Иеромонах, белый как полотно, спросил царя:
— Хочешь ли в монашество?
— Не хочу!
Иеромонах беспомощно обернулся к Ляпунову.
— Что вы как телята! Совершайте обряд, чего озираетесь? Вот иконы, а Бог всюду!
— Но это насильство! — крикнул Шуйский.
— А хоть и насильство. — Ляпунов схватил царя за руки. — Не дергайся… Приступайте!

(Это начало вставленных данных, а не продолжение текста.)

(* Let $(\mathbb X,d,\delta)$ be a nondegenerate dilation structure and let $x\in\mathbb X$. Then the function $d^x$ is a quasimetric on $B^d(x,R)$ with the same constants $c_{\mathbb X}$ and $Q_{\mathbb X}$ (in the generalized symmetry property and the generalized triangle inequality) as the quasimetric $d$.
   Context: A quasimetric space $(\mathbb X,d)$ is a topological space $\mathbb X$ with a map $d:\mathbb X\times\mathbb X\to[0,\infty)$ such that: (i) $d(u,v)=0$ iff $u=v$; (ii) $d(u,v)\le c_{\mathbb X}\,d(v,u)$ for a constant $1\le c_{\mathbb X}<\infty$ (generalized symmetry); (iii) $d(u,v)\le Q_{\mathbb X}(d(u,w)+d(w,v))$ for a constant $1\le Q_{\mathbb X}<\infty$ (generalized triangle inequality); (iv) $d(u,v)$ is upper semicontinuous in the first argument. The topology of $\mathbb X$ is assumed to coincide with the topology induced by $d$. Write $B^d(x,r)=\{y: d(y,x)<r\}$ and $\bar B^d(x,r)$ for its closure; $\mathbb X$ is boundedly compact if closed bounded sets are compact. A dilation structure $(\mathbb X,d,\delta)$ is a complete boundedly compact quasimetric space $(\mathbb X,d)$ with $d$ continuous in both arguments, satisfying: (A0) For every $x\in\mathbb X$ and $\varepsilon\in(0,1]$ there are a neighborhood $U(x)$ of $x$ and homeomorphisms (dilations) $\delta^x_\varepsilon:U(x)\to V_\varepsilon(x)$ and $\delta^x_{\varepsilon^{-1}}:W_{\varepsilon^{-1}}(x)\to U(x)$ with $V_\varepsilon(x)\subseteq W_{\varepsilon^{-1}}(x)\subseteq U(x)$; the family $\{\delta^x_\varepsilon\}_{\varepsilon\in(0,1]}$ is continuous in $\varepsilon$; there is $R>0$ with $\bar B^d(x,R)\subseteq U(x)$ for all $x$, and for all $\varepsilon<1$ and $\tilde r>0$ with $\bar B^d(x,\tilde r)\subseteq U(x)$ one has $B^d(x,\tilde r\varepsilon)\subseteq\delta^x_\varepsilon B^d(x,\tilde r)\subset B^d(x,\tilde r)$. (A1) For all $x$ and $y\in U(x)$: $\delta^x_\varepsilon x=x$, $\delta^x_1=\mathrm{id}$, $\lim_{\varepsilon\to0}\delta^x_\varepsilon y=x$. (A2) $\delta^x_\varepsilon\delta^x_\mu u=\delta^x_{\varepsilon\mu}u$ for $u\in U(x)$ whenever both sides are defined. (A3) For every $x$, the limit $d^x(u,v)=\lim_{\varepsilon\to0}\frac1\varepsilon d(\delta^x_\varepsilon u,\delta^x_\varepsilon v)$ exists uniformly in $u,v\in\bar B^d(x,R)$. The dilation structure is nondegenerate if $d^x(u,v)=0$ implies $u=v$. *)

(* concrete reals R. The topology of X is the one induced by the
   quasimetric d (as assumed in the paper), so all topological notions are
   defined from d. *)
From Stdlib Require Import Reals List.
Open Scope R_scope.
Set Implicit Arguments.

Section QM.
Variable X : Type.
Variable d : X -> X -> R.

Definition ball (x : X) (r : R) : X -> Prop := fun y => d y x < r.

Definition is_open (A : X -> Prop) : Prop :=
  forall x, A x -> exists r, 0 < r /\ forall y, ball x r y -> A y.

Definition is_closed (A : X -> Prop) : Prop := is_open (fun x => ~ A x).

Definition nbhd (x : X) (N : X -> Prop) : Prop :=
  exists O, is_open O /\ O x /\ forall y, O y -> N y.

Definition closure (A : X -> Prop) : X -> Prop :=
  fun x => forall N, nbhd x N -> exists y, N y /\ A y.

Definition closed_ball (x : X) (r : R) : X -> Prop := closure (ball x r).

Definition bounded (A : X -> Prop) : Prop :=
  exists x r, forall y, A y -> d y x < r.

Definition compact (K : X -> Prop) : Prop :=
  forall (I : Type) (O : I -> X -> Prop),
    (forall i, is_open (O i)) ->
    (forall x, K x -> exists i, O i x) ->
    exists l : list I, forall x, K x -> exists i, In i l /\ O i x.

Definition boundedly_compact : Prop :=
  forall A, is_closed A -> bounded A -> compact A.

Definition cauchy_seq (u : nat -> X) : Prop :=
  forall e, 0 < e -> exists N, forall m n, (N <= m)%nat -> (N <= n)%nat ->
    d (u m) (u n) < e.

Definition seq_converges (u : nat -> X) (l : X) : Prop :=
  forall Nb, nbhd l Nb -> exists N, forall n, (N <= n)%nat -> Nb (u n).

Definition complete : Prop :=
  forall u, cauchy_seq u -> exists l, seq_converges u l.

Definition usc_on (A : X -> Prop) (f : X -> R) : Prop :=
  forall u, A u -> forall e, 0 < e ->
    exists N, nbhd u N /\ forall u', A u' -> N u' -> f u' < f u + e.

Definition quasimetric_on (A : X -> Prop) (dd : X -> X -> R) (c Q : R) : Prop :=
  1 <= c /\ 1 <= Q /\
  (forall u v, A u -> A v -> 0 <= dd u v) /\
  (forall u v, A u -> A v -> (dd u v = 0 <-> u = v)) /\
  (forall u v, A u -> A v -> dd u v <= c * dd v u) /\
  (forall u v w, A u -> A v -> A w -> dd u v <= Q * (dd u w + dd w v)) /\
  (forall v, A v -> usc_on A (fun u => dd u v)).

Definition jointly_continuous : Prop :=
  forall u v e, 0 < e -> exists N1 N2, nbhd u N1 /\ nbhd v N2 /\
    forall u' v', N1 u' -> N2 v' -> Rabs (d u' v' - d u v) < e.

Definition homeo_on (A B : X -> Prop) (f : X -> X) : Prop :=
  (forall a, A a -> B (f a)) /\
  (forall b, B b -> exists a, A a /\ f a = b) /\
  (forall a a', A a -> A a' -> f a = f a' -> a = a') /\
  (forall a, A a -> forall N, nbhd (f a) N ->
     exists M, nbhd a M /\ forall a', A a' -> M a' -> N (f a')) /\
  (* continuity of the inverse of f on B *)
  (forall a, A a -> forall M, nbhd a M ->
     exists N, nbhd (f a) N /\ forall a', A a' -> N (f a') -> M a').

Definition image (A : X -> Prop) (f : X -> X) : X -> Prop :=
  fun y => exists a, A a /\ f a = y.

End QM.

(* Dilation structure (X, d, delta).
   - U x      : the neighbourhood U(x)
   - W x t    : the set W_t(x) for t = eps^-1 >= 1
   - delta x e: the dilation delta^x_e (for e in (0,1] defined on U x,
                for e >= 1 defined on W x e)
   - V_e(x)   : image of U x under delta x e
   - R0       : the constant R of (A0)
   - dx x     : the limit function d^x of (A3). *)
Definition dil_dom {X : Type} (U : X -> X -> Prop) (W : X -> R -> X -> Prop)
  (x : X) (e : R) : X -> Prop :=
  fun y => 0 < e /\ (e <= 1 -> U x y) /\ (1 < e -> W x e y).

Record dilation_structure {X : Type} (d : X -> X -> R) (c Q : R)
  (U : X -> X -> Prop) (W : X -> R -> X -> Prop) (delta : X -> R -> X -> X)
  (R0 : R) (dx : X -> X -> X -> R) : Prop := {
  ds_quasimetric : quasimetric_on d (fun _ => True) d c Q;
  ds_complete : complete d;
  ds_boundedly_compact : boundedly_compact d;
  ds_continuous : jointly_continuous d;
  ds_U_nbhd : forall x, nbhd d x (U x);
  ds_homeo : forall x e, 0 < e <= 1 ->
      homeo_on d (U x) (image (U x) (delta x e)) (delta x e);
  ds_homeo_inv : forall x e, 0 < e <= 1 ->
      homeo_on d (W x (/ e)) (U x) (delta x (/ e));
  ds_V_sub_W : forall x e y, 0 < e <= 1 ->
      image (U x) (delta x e) y -> W x (/ e) y;
  ds_W_sub_U : forall x e y, 0 < e <= 1 -> W x (/ e) y -> U x y;
  ds_cont_eps : forall x y, U x y -> forall e, 0 < e <= 1 ->
      forall N, nbhd d (delta x e y) N ->
      exists eta, 0 < eta /\ forall e', 0 < e' <= 1 -> Rabs (e' - e) < eta ->
        N (delta x e' y);
  ds_R0_pos : 0 < R0;
  ds_R0_ball : forall x y, closed_ball d x R0 y -> U x y;
  ds_ball_incl : forall x e r, 0 < e < 1 -> 0 < r ->
      (forall y, closed_ball d x r y -> U x y) ->
      (forall y, ball d x (r * e) y -> image (ball d x r) (delta x e) y) /\
      (forall y, image (ball d x r) (delta x e) y -> ball d x r y);
  ds_fix : forall x e, 0 < e <= 1 -> delta x e x = x;
  ds_one : forall x y, U x y -> delta x 1 y = y;
  ds_lim0 : forall x y, U x y -> forall N, nbhd d x N ->
      exists eta, 0 < eta /\ forall e, 0 < e <= 1 -> e < eta -> N (delta x e y);
  ds_semigroup : forall x e mu u, 0 < e -> 0 < mu -> U x u ->
      dil_dom U W x mu u -> dil_dom U W x e (delta x mu u) ->
      dil_dom U W x (e * mu) u ->
      delta x e (delta x mu u) = delta x (e * mu) u;
  ds_A3 : forall x eps, 0 < eps -> exists eta, 0 < eta /\
      forall e, 0 < e <= 1 -> e < eta ->
      forall u v, closed_ball d x R0 u -> closed_ball d x R0 v ->
        Rabs (/ e * d (delta x e u) (delta x e v) - dx x u v) < eps
}.

Definition nondegenerate {X : Type} (d : X -> X -> R) (R0 : R)
  (dx : X -> X -> X -> R) : Prop :=
  forall x u v, closed_ball d x R0 u -> closed_ball d x R0 v ->
    dx x u v = 0 -> u = v.

(** The rescaled distances [/ e * d (delta x e u) (delta x e v)] satisfy the
    quasimetric inequalities with the constants of [d], since these are
    invariant under multiplication by [/ e > 0]; being non-strict, the
    inequalities survive the limit [e -> 0] that defines [d^x]. Nondegeneracy
    is exactly the missing implication [d^x u v = 0 -> u = v]. Finally [d^x]
    is a uniform limit of the continuous functions
    [u |-> / e * d (delta x e u) (delta x e v)], hence continuous, in
    particular upper semicontinuous. *)
From Stdlib Require Import Reals Lra Psatz.
Open Scope R_scope.

Lemma nbhd_self {X : Type} {d : X -> X -> R} {x : X} {N : X -> Prop} :
  nbhd d x N -> N x.
Proof. intros [O [_ [Ox HO]]]; now apply HO. Qed.

Lemma ball_sub_closed_ball {X : Type} {d : X -> X -> R} {x : X} {r : R} {y : X} :
  ball d x r y -> closed_ball d x r y.
Proof. intros Hy N HN; exists y; split; [exact (nbhd_self HN) | exact Hy]. Qed.

Lemma Rle_plus_scaled_epsilon (a b K : R) :
  0 < K -> (forall eps, 0 < eps -> a <= b + K * eps) -> a <= b.
Proof.
  intros HK H; apply Rle_plus_epsilon; intros eps Heps.
  replace eps with (K * (eps / K)) by (field; lra).
  apply H, Rdiv_lt_0_compat; assumption.
Qed.

Section RescaledDistance.

Set Implicit Arguments.

Variables (X : Type) (d : X -> X -> R) (c Q : R) (delta : X -> R -> X -> X) (x : X).
Hypothesis Hqm : quasimetric_on d (fun _ => True) d c Q.

Definition dil_dist (e : R) (u v : X) : R := / e * d (delta x e u) (delta x e v).

Lemma dil_dist_ge0 e u v : 0 < e -> 0 <= dil_dist e u v.
Proof.
  intros He; apply Rmult_le_pos.
  - now apply Rlt_le, Rinv_0_lt_compat.
  - now apply Hqm.
Qed.

Lemma dil_dist_xx e u : dil_dist e u u = 0.
Proof.
  unfold dil_dist; replace (d _ _) with 0 by (symmetry; now apply Hqm).
  apply Rmult_0_r.
Qed.

Lemma dil_dist_quasi_sym e u v : 0 < e -> dil_dist e u v <= c * dil_dist e v u.
Proof.
  intros He; unfold dil_dist.
  replace (c * _) with (/ e * (c * d (delta x e v) (delta x e u))) by ring.
  apply Rmult_le_compat_l; [now apply Rlt_le, Rinv_0_lt_compat | now apply Hqm].
Qed.

Lemma dil_dist_quasi_triangle e u v w : 0 < e ->
  dil_dist e u v <= Q * (dil_dist e u w + dil_dist e w v).
Proof.
  intros He; unfold dil_dist.
  replace (Q * _) with
    (/ e * (Q * (d (delta x e u) (delta x e w) + d (delta x e w) (delta x e v))))
    by ring.
  apply Rmult_le_compat_l; [now apply Rlt_le, Rinv_0_lt_compat | now apply Hqm].
Qed.

End RescaledDistance.

Section DilationLimit.

Set Implicit Arguments.

Variables (X : Type) (d : X -> X -> R) (c Q : R).
Variables (U : X -> X -> Prop) (W : X -> R -> X -> Prop).
Variables (delta : X -> R -> X -> X) (R0 : R) (dx : X -> X -> X -> R).
Hypothesis Hds : dilation_structure d c Q U W delta R0 dx.
Variable x : X.

Let Hqm := ds_quasimetric Hds.
Local Notation dil_dist := (dil_dist d delta x).

Lemma dil_dist_continuous_l e v u : 0 < e <= 1 -> U x u ->
  forall eps, 0 < eps -> exists M, nbhd d u M /\
    forall u', U x u' -> M u' -> Rabs (dil_dist e u' v - dil_dist e u v) < eps.
Proof.
  intros He Hu eps Heps.
  assert (Hscaled : 0 < e * eps) by nra.
  destruct (ds_continuous Hds (delta x e u) (delta x e v) Hscaled)
    as [N1 [N2 [HN1 [HN2 HN]]]].
  destruct (ds_homeo Hds x He) as [_ [_ [_ [Hcont _]]]].
  destruct (Hcont u Hu N1 HN1) as [M [HM HMN1]].
  exists M; split; [exact HM|]; intros u' Hu' Mu'.
  specialize (HN _ _ (HMN1 u' Hu' Mu') (nbhd_self HN2)).
  unfold dil_dist; rewrite <- Rmult_minus_distr_l, Rabs_mult,
    Rabs_inv, (Rabs_pos_eq e) by lra.
  apply (Rmult_lt_reg_l e); [lra|].
  rewrite <- Rmult_assoc, Rinv_r, Rmult_1_l by lra; exact HN.
Qed.

Lemma dil_dist_approx eps : 0 < eps ->
  exists e, 0 < e <= 1 /\ forall u v, ball d x R0 u -> ball d x R0 v ->
    Rabs (dil_dist e u v - dx x u v) < eps.
Proof.
  intros Heps; destruct (ds_A3 Hds x Heps) as [eta [Heta Hlim]].
  exists (Rmin 1 (eta / 2)).
  pose proof (Rmin_l 1 (eta / 2)); pose proof (Rmin_r 1 (eta / 2)).
  assert (0 < Rmin 1 (eta / 2)) by (apply Rmin_glb_lt; lra).
  split; [lra|]; intros u v Hu Hv.
  apply Hlim; try lra; now apply ball_sub_closed_ball.
Qed.

Lemma dx_ge0 u v : ball d x R0 u -> ball d x R0 v -> 0 <= dx x u v.
Proof.
  intros Hu Hv; apply Rle_plus_epsilon; intros eps Heps.
  destruct (dil_dist_approx Heps) as [e [He Happ]].
  pose proof (Rabs_def2 _ _ (Happ u v Hu Hv)).
  pose proof (dil_dist_ge0 delta x Hqm u v (proj1 He)); lra.
Qed.

Lemma dx_xx u : ball d x R0 u -> dx x u u = 0.
Proof.
  intros Hu; apply Rle_antisym; [|exact (dx_ge0 Hu Hu)].
  apply Rle_plus_epsilon; intros eps Heps.
  destruct (dil_dist_approx Heps) as [e [He Happ]].
  pose proof (Rabs_def2 _ _ (Happ u u Hu Hu)).
  rewrite (dil_dist_xx delta x Hqm) in *; lra.
Qed.

Lemma dx_quasi_sym u v : ball d x R0 u -> ball d x R0 v ->
  dx x u v <= c * dx x v u.
Proof.
  intros Hu Hv; apply (Rle_plus_scaled_epsilon _ _ (c + 1)); [destruct Hqm; lra|].
  intros eps Heps.
  destruct (dil_dist_approx Heps) as [e [He Happ]].
  pose proof (Rabs_def2 _ _ (Happ u v Hu Hv)).
  pose proof (Rabs_def2 _ _ (Happ v u Hv Hu)).
  pose proof (dil_dist_quasi_sym delta x Hqm u v (proj1 He)).
  destruct Hqm; nra.
Qed.

Lemma dx_quasi_triangle u v w :
  ball d x R0 u -> ball d x R0 v -> ball d x R0 w ->
  dx x u v <= Q * (dx x u w + dx x w v).
Proof.
  intros Hu Hv Hw; apply (Rle_plus_scaled_epsilon _ _ (2 * Q + 1)).
  { destruct Hqm as [_ [HQ _]]; lra. }
  intros eps Heps.
  destruct (dil_dist_approx Heps) as [e [He Happ]].
  pose proof (Rabs_def2 _ _ (Happ u v Hu Hv)).
  pose proof (Rabs_def2 _ _ (Happ u w Hu Hw)).
  pose proof (Rabs_def2 _ _ (Happ w v Hw Hv)).
  pose proof (dil_dist_quasi_triangle delta x Hqm u v w (proj1 He)).
  destruct Hqm as [_ [HQ _]]; nra.
Qed.

Lemma dx_continuous_l v u : ball d x R0 v -> ball d x R0 u ->
  forall eps, 0 < eps -> exists M, nbhd d u M /\
    forall u', ball d x R0 u' -> M u' -> Rabs (dx x u' v - dx x u v) < eps.
Proof.
  intros Hv Hu eps Heps.
  destruct (dil_dist_approx (eps := eps / 3)) as [e [He Happ]]; [lra|].
  assert (HU : forall y, ball d x R0 y -> U x y).
  { intros y Hy; now apply (ds_R0_ball Hds), ball_sub_closed_ball. }
  destruct (dil_dist_continuous_l v He (HU u Hu) (eps := eps / 3))
    as [M [HM Hclose]]; [lra|].
  exists M; split; [exact HM|]; intros u' Hu' Mu'.
  pose proof (Rabs_def2 _ _ (Hclose u' (HU u' Hu') Mu')).
  pose proof (Rabs_def2 _ _ (Happ u v Hu Hv)).
  pose proof (Rabs_def2 _ _ (Happ u' v Hu' Hv)).
  apply Rabs_def1; lra.
Qed.

Lemma dx_usc_l v : ball d x R0 v -> usc_on d (ball d x R0) (fun u => dx x u v).
Proof.
  intros Hv u Hu eps Heps.
  destruct (dx_continuous_l Hv Hu Heps) as [M [HM Hclose]].
  exists M; split; [exact HM|]; intros u' Hu' Mu'.
  pose proof (Rabs_def2 _ _ (Hclose u' Hu' Mu')); lra.
Qed.

End DilationLimit.

Theorem proposition1 (X : Type) (d : X -> X -> R) (c Q : R)
  (U : X -> X -> Prop) (W : X -> R -> X -> Prop) (delta : X -> R -> X -> X)
  (R0 : R) (dx : X -> X -> X -> R) :
  dilation_structure d c Q U W delta R0 dx ->
  nondegenerate d R0 dx ->
  forall x : X, quasimetric_on d (ball d x R0) (dx x) c Q.
Proof.
  intros Hds Hnd x.
  destruct (ds_quasimetric Hds) as [Hc [HQ _]].
  refine (conj Hc (conj HQ (conj _ (conj _ (conj _ (conj _ _)))))).
  - intros u v; apply (dx_ge0 Hds).
  - intros u v Hu Hv; split.
    + exact (Hnd x u v (ball_sub_closed_ball Hu) (ball_sub_closed_ball Hv)).
    + intros <-; apply (dx_xx Hds), Hu.
  - intros u v; apply (dx_quasi_sym Hds).
  - intros u v w; apply (dx_quasi_triangle Hds).
  - intros v; apply (dx_usc_l Hds).
Qed.
Lemma double_eq0 v : v + v = 0 -> v = 0.
Proof. by move=> /eqP; rewrite -mulr2n -scaler_nat scaler_eq0 pnatr_eq0 => /eqP. Qed.

Lemma enorm_ge0 v : 0 <= enorm v.
Proof. exact: sqrtr_ge0. Qed.

Lemma sum_sqr_ge0 v : 0 <= \sum_(i < d) (v 0 i) ^+ 2.
Proof. by apply: sumr_ge0 => i _; exact: sqr_ge0. Qed.

Lemma coord_le_enorm v i : `|v 0 i| <= enorm v.
Proof.
rewrite /enorm -sqrtr_sqr; apply: ler_wsqrtr.
by rewrite (bigD1 i) //= lerDl; apply: sumr_ge0 => j _; exact: sqr_ge0.
Qed.

Lemma enormD_le2 a b : enorm (a + b) <= 2 * (enorm a + enorm b).
Proof.
have ha := enorm_ge0 a; have hb := enorm_ge0 b.
rewrite -[2 * _]ger0_norm ?mulr_ge0 ?addr_ge0 //.
rewrite /enorm -sqrtr_sqr; apply: ler_wsqrtr.
apply: (@le_trans _ _ (\sum_(i < d) (2 * ((a 0 i) ^+ 2 + (b 0 i) ^+ 2)))).
  by apply: ler_sum => i _; rewrite mxE; have := sqr_ge0 (a 0 i - b 0 i); lra.
rewrite -mulr_sumr big_split /=.
have sa := sum_sqr_ge0 a; have sb := sum_sqr_ge0 b.
move: ha hb (sqr_sqrtr sa) (sqr_sqrtr sb); rewrite /enorm.
set na := Num.sqrt _; set nb := Num.sqrt _ => ha hb <- <-; nra.
Qed.

Definition nonempty_bounded A := A !=set0 /\ exists M, forall x, A x -> enorm x <= M.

Иеромонахи торопливо говорили нужные слова, Шуйский кричал:
— Нет! Нет!
Но князь Туренин повторял за монахами святые обеты.
Кончилось наконец.
— Рясу! — зарычал Ляпунов.
Василия Ивановича раздели до исподнего белья, облачили в черную иноческую рясу.
— Теперь хорошо. — Ляпунов с удовольствием обошел вокруг Василия Ивановича. — Отведите его к себе в Чудов монастырь. Да глядите, чтоб не лентяйничал, молился Богу усердно.
— Дураки! — крикнул насильникам Василий Иванович. — Клобук к голове не гвоздями прибит!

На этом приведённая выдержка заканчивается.